Dictionary of American Regional English (DARE)
The Dictionary of American Regional English (DARE) represents American regional vocabulary, from Adam’s housecat to Zydeco. It is consulted by scholars and lovers of language and regional nuance. This digital version transforms the dictionary into an interactive, multimedia tool for both scholarly inquiry and general intellectual curiosity.

The World Atlas of Language Structures
The World Atlas of Language Structures (WALS) is a large database of structural (phonological, grammatical, lexical) properties of languages gathered from descriptive materials (such as reference grammars) by a team of 55 authors.

Enhanced Electronic Grammars Online
Enhanced Electronic Grammars (EEG) features comprehensive descriptions of languages from around the world. This online resource makes full grammars available together in an interlinked and semantically-annotated format, allowing granular access to the grammatical data and enabling cross-language research of several grammars at the same time. In addition to cross-linguistic queries, each grammar can also be read and researched individually. The electronic format allows for multimodal enhancement of language descriptions, such as audio and video supplements. The database is updated biannually, integrating several new grammar publications each year for even more extensive cross-linguistic research.
Linguistic Minorities in Europe Online
Linguistic Minorities in Europe Online (LME) provides comprehensive documentation of indigenous and immigrant linguistic minorities in Europe. Currently, LME contains articles on Basque, Breton, Croatian, Frisian, Hungarian, the Sámi languages, and Turkish as minority languages.

Corpora materials

These resources provide access to linguistic corpora or other materials that may be valuable for corpus-based work.

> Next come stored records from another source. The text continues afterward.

(* Let $q$ be a prime power, $\mu$ a positive integer, and $S$ a minimal $(1,\mu)$-saturating set in $PG(2,q)$. Then (i) $\mu\le (q+1)\binom{q}{2}$; (ii) $|S|\le q+\mu+1$ if $\mu\le q+2$, and $|S|\le \min\{q+\mu,\;q^2+q\}$ if $\mu\ge q+3$.
   Context: $PG(2,q)$ is the projective plane over $\mathbb{F}_q$. For a point set $S$, a secant of $S$ is a line $\ell$ with $|\ell\cap S|\ge2$, counted with multiplicity $\binom{|\ell\cap S|}{2}$. A set $S$ of points of $PG(2,q)$ is $(1,\mu)$-saturating if (M1) $S$ spans $PG(2,q)$, (M2) $S\neq PG(2,q)$, and (M3) every point $Q\notin S$ lies on secants of $S$ whose multiplicities sum to at least $\mu$. A $(1,\mu)$-saturating set of size $n$ is minimal if it does not contain a $(1,\mu)$-saturating set of size $n-1$. *)

From HB Require Import structures.
From mathcomp Require Import all_boot all_order all_algebra.
Set Implicit Arguments. Unset Strict Implicit. Unset Printing Implicit Defensive.
Import GRing.Theory.
Local Open Scope ring_scope.

(* PG(2,q) over a finite field F (q = #|F|).  A projective point is
   represented by its unique normalized homogeneous coordinate vector in
   F^3: nonzero, with first nonzero coordinate equal to 1. Lines are
   represented by normalized dual coordinate vectors. *)

Definition normalized (F : fieldType) (v : 'rV[F]_3) : bool :=
  (v 0 0 == 1) ||
  ((v 0 0 == 0) && ((v 0 1 == 1) || ((v 0 1 == 0) && (v 0 2 == 1)))).

Notation pg_point F := {v : 'rV[F]_3 | normalized v}.
Notation pg_line F := {v : 'rV[F]_3 | normalized v}.

Definition incident (F : fieldType) (P : pg_point F) (l : pg_line F) : bool :=
  \sum_(i < 3) (val P) 0 i * (val l) 0 i == 0.

Section PG.
Variable F : finFieldType.

Definition meet_card (S : {set pg_point F}) (l : pg_line F) : nat :=
  #|[set P in S | incident P l]|.

Definition secant_mult (S : {set pg_point F}) (Q : pg_point F) : nat :=
  (\sum_(l : pg_line F | incident Q l) 'C(meet_card S l, 2))%N.

Definition spans_plane (S : {set pg_point F}) : bool :=
  row_full (\sum_(P in S) <<val P>>)%MS.

Definition saturating (mu : nat) (S : {set pg_point F}) : Prop :=
  [/\ spans_plane S, S != [set: pg_point F] &
      forall Q : pg_point F, Q \notin S -> (mu <= secant_mult S Q)%N].

Definition minimal_saturating (mu : nat) (S : {set pg_point F}) : Prop :=
  saturating mu S /\
  forall T : {set pg_point F}, T \subset S -> #|T| = #|S|.-1 ->
    ~ saturating mu T.

End PG.

From mathcomp Require Import all_boot all_order all_algebra.
From mathcomp Require Import ring zify.
Set Implicit Arguments. Unset Strict Implicit. Unset Printing Implicit Defensive.
Import GRing.Theory.

(* Every line of PG(2,q) carries at most q+1 points and every point lies on at
   most q+1 lines.  Counting the points of a set T along the lines through a
   point R gives |T| <= sum_l |l ∩ T| <= sum_l (C(|l ∩ T|,2) + 1), so R lies on
   secants of total multiplicity at least |T| - q - 1; once |T| >= 2q+3 some
   line through R meets T in k >= 3 points, where k <= C(k,2), and the bound
   improves to |T| - q.  If a minimal (1,mu)-saturating set S were larger than
   the claimed bound, deleting any point of S would thus leave a set which
   still spans the plane (it does not fit on a line) and still
   (1,mu)-saturates it.  Bound (i) holds because a line through a point
   outside S meets S in at most q points, and |S| <= q^2+q because S is a
   proper subset of the q^2+q+1 points of the plane. *)

Local Open Scope ring_scope.

Lemma ord3_others (j : 'I_3) : exists i k : 'I_3, forall m, m != j -> m = i \/ m = k.
Proof.
have ord3 (m : 'I_3) : [\/ m = 0, m = 1 | m = 2].
  by case: m => [[|[|[|m]]] Hm] //; [constructor 1|constructor 2|constructor 3];
    apply: val_inj.
case: (ord3 j) => ->; [exists 1, 2 | exists 0, 2 | exists 0, 1] => m;
  by case: (ord3 m) => ->; rewrite ?eqxx //; auto.
Qed.

Section Plane.
Variable F : finFieldType.
Notation pt := {v : 'rV[F]_3 | normalized v}.

Lemma normalized_ne0 (v : pt) : val v != 0.
Proof.
case: v => v /= v_norm; apply: contraTneq v_norm => ->.
by rewrite /normalized !mxE eqxx /= (eq_sym 0 1) oner_eq0.
Qed.

Lemma normalized_scale_exists (w : 'rV[F]_3) : w != 0 -> exists c, normalized (c *: w).
Proof.
move=> w_neq0; rewrite /normalized.
have [w0|w0] := eqVneq (w 0 0) 0; last by exists (w 0 0)^-1; rewrite mxE mulVf ?eqxx.
have [w1|w1] := eqVneq (w 0 1) 0; last first.
  by exists (w 0 1)^-1; rewrite !mxE w0 mulr0 mulVf ?eqxx ?orbT.
have [w2|w2] := eqVneq (w 0 2) 0; last first.
  by exists (w 0 2)^-1; rewrite !mxE w0 w1 mulr0 mulVf ?eqxx ?orbT.
case/eqP: w_neq0; apply/rowP => m; rewrite mxE.
by case: m => [[|[|[|m]]] Hm] //; [rewrite -w0|rewrite -w1|rewrite -w2];
  congr (w _ _); apply: val_inj.
Qed.

(* The first nonzero coordinate of both vectors is 1, which forces [c = 1]. *)
Lemma normalized_scale_eq (u v : pt) (c : F) : val u = c *: val v -> u = v.
Proof.
move=> uv; have uvE m : val u 0 m = c * val v 0 m by rewrite uv mxE.
suff c1 : c = 1 by apply: val_inj; rewrite uv c1 scale1r.
have one0 : (0 == 1 :> F) = false by rewrite eq_sym oner_eq0.
move: (valP v) (valP u); rewrite /normalized !uvE.
case/orP=> [/eqP->|/andP[/eqP-> v12]].
  rewrite mulr1; case/orP => [/eqP//|/andP[/eqP c0]].
  by rewrite c0 !mul0r one0 eqxx.
rewrite mulr0 eqxx /= one0 /=.
case/orP: v12 => [/eqP->|/andP[/eqP-> /eqP->]].
  rewrite mulr1; case/orP => [/eqP//|/andP[/eqP c0]].
  by rewrite c0 !mul0r one0.
by rewrite !mulr0 mulr1 eqxx one0 /= => /eqP.
Qed.

Lemma incident_sym (P l : pt) : incident P l = incident l P.
Proof. by rewrite /incident; under eq_bigr do rewrite mulrC. Qed.

Lemma incidentE (P l : pt) : incident P l = ((val P *m (val l)^T) 0 0 == 0).
Proof. by rewrite /incident mxE; under [in RHS]eq_bigr do rewrite mxE. Qed.

Lemma dot_eq0_proportional (u v l : 'rV[F]_3) (j : 'I_3) (c : F) :
  l 0 j != 0 -> \sum_(i < 3) u 0 i * l 0 i = 0 -> \sum_(i < 3) v 0 i * l 0 i = 0 ->
  (forall m, m != j -> u 0 m = c * v 0 m) -> u = c *: v.
Proof.
move=> lj_neq0 ul vl uv; apply/rowP => m; rewrite mxE.
have [->|/uv //] := eqVneq m j.
have : \sum_(i < 3) (u 0 i - c * v 0 i) * l 0 i = 0.
  under eq_bigr do rewrite mulrBl -mulrA.
  by rewrite sumrB -mulr_sumr ul vl mulr0 subrr.
rewrite (bigD1 j) //= big1 => [|i /uv ->]; last by rewrite subrr mul0r.
by move/eqP; rewrite addr0 mulf_eq0 (negbTE lj_neq0) orbF subr_eq0 => /eqP.
Qed.

Lemma card_points_on_line (l : pt) : (#|[set P : pt | incident P l]| <= #|F|.+1)%N.
Proof.
have /matrix0Pn[r [j]] := normalized_ne0 l; rewrite (ord1 r) => lj_neq0.
have [i [k others]] := ord3_others j.
set A := [set P : pt | incident P l].
have onA (P : pt) : P \in A -> \sum_(m < 3) val P 0 m * val l 0 m = 0.
  by rewrite inE => /eqP.
have same (P P' : pt) c : P \in A -> P' \in A ->
    val P 0 i = c * val P' 0 i -> val P 0 k = c * val P' 0 k -> P = P'.
  move=> /onA PA /onA P'A Pi Pk; apply: (@normalized_scale_eq _ _ c).
  by apply: dot_eq0_proportional lj_neq0 PA P'A _ => m /others [] ->.
(* a point of [l] is recorded by the ratio of its [k]-th to its [i]-th coordinate *)
pose ratio (P : pt) : option F :=
  if val P 0 i == 0 then None else Some (val P 0 k / val P 0 i).
have ratio_inj : {in A &, injective ratio}.
  move=> P P' PA P'A; rewrite /ratio.
  case: eqVneq => [Pi0|Pi_neq0]; case: eqVneq => [P'i0|P'i_neq0] //.
    move=> _; have P'k_neq0 : val P' 0 k != 0.
      apply: contra (normalized_ne0 P') => /eqP P'k0; apply/eqP.
      rewrite -(scale0r (val P')).
      by apply: dot_eq0_proportional lj_neq0 (onA _ P'A) (onA _ P'A) _ =>
        m /others [] ->; rewrite mul0r.
    by apply: (same P P' (val P 0 k / val P' 0 k)); rewrite ?Pi0 ?P'i0 ?mulr0 ?divfK.
  case=> ratioE; apply: (same P P' (val P 0 i / val P' 0 i)); rewrite ?divfK //.
  by rewrite -[LHS](divfK Pi_neq0) ratioE; field.
rewrite -(card_in_imset ratio_inj) -card_option; exact: max_card.
Qed.

Lemma card_lines_through (Q : pt) : (#|[set l : pt | incident Q l]| <= #|F|.+1)%N.
Proof.
rewrite (eq_card (B := [set l : pt | incident l Q])) ?card_points_on_line //.
by move=> l; rewrite !inE incident_sym.
Qed.

Lemma rank_lt3_line m (A : 'M[F]_(m, 3)) : (\rank A < 3)%N ->
  exists l : pt, A *m (val l)^T = 0.
Proof.
move=> rkA; set C := cokermx A.
have [r0 [j Cj]] : exists r j, C r j != 0.
  by apply/matrix0Pn; rewrite cokermx_eq0 /row_full ltn_eqF.
have [c Hc] : exists c, normalized (c *: (col j C)^T).
  by apply: normalized_scale_exists; apply/matrix0Pn; exists 0, r0; rewrite 2!mxE.
exists (exist (@normalized F) _ Hc); apply/matrixP => r z; rewrite (ord1 z) !mxE /=.
transitivity (c * (A *m C) r j); last by rewrite mulmx_coker mxE mulr0.
by rewrite mxE mulr_sumr; apply: eq_bigr => k _; rewrite !mxE mulrCA.
Qed.

Lemma exists_line_through2 (P R : pt) : exists l : pt, incident P l && incident R l.
Proof.
have [l] : exists l : pt, col_mx (val P) (val R) *m (val l)^T = 0.
  by apply: rank_lt3_line; apply: leq_ltn_trans (rank_leq_row _) _.
rewrite mul_col_mx => /eqP; rewrite col_mx_eq0 => /andP[/eqP Pl /eqP Rl].
by exists l; rewrite !incidentE Pl Rl mxE eqxx.
Qed.

Lemma collinear_of_not_spans (T : {set pt}) : ~~ spans_plane T ->
  exists l : pt, forall P, P \in T -> incident P l.
Proof.
rewrite /spans_plane /row_full => not_full.
set M := (\sum_(P in T) <<val P>>)%MS.
have [l Ml] : exists l : pt, M *m (val l)^T = 0.
  by apply: rank_lt3_line; rewrite ltn_neqAle not_full rank_leq_col.
exists l => P PT; have : (val P <= M)%MS by apply: (sumsmx_sup P); rewrite ?genmxE.
by rewrite incidentE => /submxP[D ->]; rewrite -mulmxA Ml mulmx0 mxE.
Qed.

Local Open Scope nat_scope.

Lemma meet_card_le (T : {set pt}) (Q l : pt) :
  Q \notin T -> incident Q l -> meet_card T l <= #|F|.
Proof.
move=> QT Ql; rewrite -ltnS; apply: leq_trans (card_points_on_line l).
apply: proper_card; apply/properP; split.
  by apply/subsetP => P; rewrite !inE => /andP[].
by exists Q; rewrite !inE ?Ql ?(negbTE QT).
Qed.

Lemma card_le_sum_meet_card (T : {set pt}) (Q : pt) :
  #|T| <= \sum_(l | incident Q l) meet_card T l.
Proof.
have meetE l : meet_card T l = \sum_(P in T) incident P l.
  rewrite /meet_card -sum1_card big_mkcond [RHS]big_mkcond; apply: eq_bigr => P _.
  by rewrite inE; case: (P \in T); case: incident.
under eq_bigr do rewrite meetE.
rewrite exchange_big /= -sum1_card; apply: leq_sum => P _.
have [l /andP[Ql Pl]] := exists_line_through2 Q P.
by rewrite (bigD1 l) //= Pl.
Qed.

Lemma leq_bin2 k : k <= 'C(k, 2) + (k < 3).
Proof.
by case: k => [|[|[|k]]] //; rewrite addn0 !binS bin1 !bin0; lia.
Qed.

Definition poor_lines (T : {set pt}) (Q : pt) :=
  [set l : pt | incident Q l & meet_card T l < 3].

Lemma card_le_secant_mult_poor (T : {set pt}) (Q : pt) :
  #|T| <= secant_mult T Q + #|poor_lines T Q|.
Proof.
apply: leq_trans (card_le_sum_meet_card T Q) _.
have ->: #|poor_lines T Q| = \sum_(l | incident Q l) (meet_card T l < 3).
  rewrite -sum1_card big_mkcond [RHS]big_mkcond; apply: eq_bigr => l _.
  by rewrite inE; case: incident; case: (_ < 3).
by rewrite -big_split; apply: leq_sum => l _; apply: leq_bin2.
Qed.

Lemma card_le_secant_mult (T : {set pt}) (Q : pt) :
  #|T| <= secant_mult T Q + #|F| + 1.
Proof.
apply: leq_trans (card_le_secant_mult_poor T Q) _; rewrite -addnA leq_add2l addn1.
apply: leq_trans (card_lines_through Q); apply: subset_leq_card.
by apply/subsetP => l; rewrite !inE => /andP[].
Qed.

Lemma card_le_secant_mult_large (T : {set pt}) (Q : pt) :
  2 * #|F| + 3 <= #|T| -> #|T| <= secant_mult T Q + #|F|.
Proof.
move=> T_large; apply: leq_trans (card_le_secant_mult_poor T Q) _.
rewrite leq_add2l -ltnS; apply: leq_trans (card_lines_through Q).
apply: proper_card; apply/properP; split.
  by apply/subsetP => l; rewrite !inE => /andP[].
have /existsP[l /andP[Ql rich]] : [exists l, incident Q l && (3 <= meet_card T l)].
  apply: contraLR T_large; rewrite negb_exists => /forallP poor.
  rewrite -ltnNge; apply: leq_ltn_trans (card_le_sum_meet_card T Q) _.
  apply: (@leq_ltn_trans (\sum_(l | incident Q l) 2)).
    by apply: leq_sum => l Ql; move: (poor l); rewrite Ql -ltnNge.
  rewrite sum_nat_cond_const.
  by apply: leq_ltn_trans (leq_mul (card_lines_through Q) (leqnn 2)) _; lia.
by exists l; rewrite !inE Ql //= -leqNgt.
Qed.

Lemma secant_mult_notin_le (T : {set pt}) (Q : pt) :
  Q \notin T -> secant_mult T Q <= (#|F| + 1) * 'C(#|F|, 2).
Proof.
move=> QT; apply: (@leq_trans (\sum_(l | incident Q l) 'C(#|F|, 2))).
  by apply: leq_sum => l Ql; apply: leq_bin2l; exact: meet_card_le QT Ql.
by rewrite sum_nat_cond_const addn1 leq_mul2r card_lines_through orbT.
Qed.

Lemma card_plane : #|[set: pt]| <= (#|F| ^ 2 + #|F|).+1.
Proof.
have n1 : normalized (const_mx 1%R : 'rV[F]_3) by rewrite /normalized mxE eqxx.
pose Q : pt := exist (@normalized F) _ n1.
rewrite (cardsD1 Q) inE add1n ltnS.
apply: leq_trans (card_le_sum_meet_card _ Q) _.
apply: (@leq_trans (\sum_(l | incident Q l) #|F|)).
  by apply: leq_sum => l; apply: (meet_card_le (Q := Q)); rewrite !inE eqxx.
rewrite sum_nat_cond_const.
apply: leq_trans (leq_mul (card_lines_through Q) (leqnn #|F|)) _.
by rewrite mulSn addnC mulnn.
Qed.

Lemma spans_plane_large (T : {set pt}) : #|F| + 2 <= #|T| -> spans_plane T.
Proof.
move=> T_large; apply/negPn/negP => /collinear_of_not_spans [l Tl].
have : #|T| <= #|[set P : pt | incident P l]|.
  by apply/subset_leq_card/subsetP => P PT; rewrite inE Tl.
have := card_points_on_line l; lia.
Qed.

Lemma minimal_saturating_card_le (mu : nat) (S : {set pt}) n :
  minimal_saturating mu S -> #|F| + 2 <= n ->
  (forall T : {set pt}, n <= #|T| -> forall R, R \notin T -> mu <= secant_mult T R) ->
  #|S| <= n.
Proof.
move=> [[_ S_neqT _] S_min] n_large T_sat; rewrite leqNgt; apply/negP => S_large.
have [P PS] : exists P, P \in S.
  by apply/set0Pn; rewrite -card_gt0; apply: leq_ltn_trans S_large.
have card_SP : #|S :\ P| = #|S|.-1 by rewrite (cardsD1 P S) PS.
apply: (S_min (S :\ P)); first exact: subD1set.
  exact: card_SP.
split.
- by apply: spans_plane_large; rewrite card_SP; lia.
- apply: contraNneq S_neqT => SP_T.
  by rewrite eqEsubset subsetT -SP_T subD1set.
- by move=> R; apply: T_sat; rewrite card_SP; lia.
Qed.

End Plane.

Local Open Scope nat_scope.

Theorem proposition6p1 (F : finFieldType) (mu : nat)
  (S : {set {v : 'rV[F]_3 | normalized v}}) :
  (0 < mu)%N -> minimal_saturating mu S ->
  (mu <= (#|F| + 1) * 'C(#|F|, 2))%N /\
  ((mu <= #|F| + 2)%N -> (#|S| <= #|F| + mu + 1)%N) /\
  ((#|F| + 3 <= mu)%N -> (#|S| <= minn (#|F| + mu) (#|F| ^ 2 + #|F|))%N).
Proof.
move=> mu_gt0 S_min; have [[_ S_neqT S_sat] _] := S_min.
have S_proper : S \proper setT by rewrite properT.
have /properP[_ [Q _ QS]] := S_proper.
split; first exact: leq_trans (S_sat Q QS) (secant_mult_notin_le QS).
split.
  move=> _; apply: minimal_saturating_card_le S_min _ _ => [|T T_large R _]; first lia.
  by have := card_le_secant_mult T R; lia.
move=> mu_large; rewrite leq_min; apply/andP; split.
  apply: minimal_saturating_card_le S_min _ _ => [|T T_large R _]; first lia.
  by have := @card_le_secant_mult_large _ T R; lia.
rewrite -ltnS; apply: leq_trans (proper_card S_proper) _.
exact: card_plane.
Qed.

Linguistic Data Consortium (LDC)
The Linguistic Data Consortium (LDC) is an open consortium of universities, libraries, corporations and government research laboratories. It was formed in 1992 to address the critical data shortage then facing language technology research and development. LDC creates and distributes a wide array of language resources, including materials used by those engaged in language-related education, research and technology development. Spanning data collections, corpora, software, research papers and specifications, these vital tools aid and inspire scientific progress. Please note that NYU does not currently own all available products available from LDC.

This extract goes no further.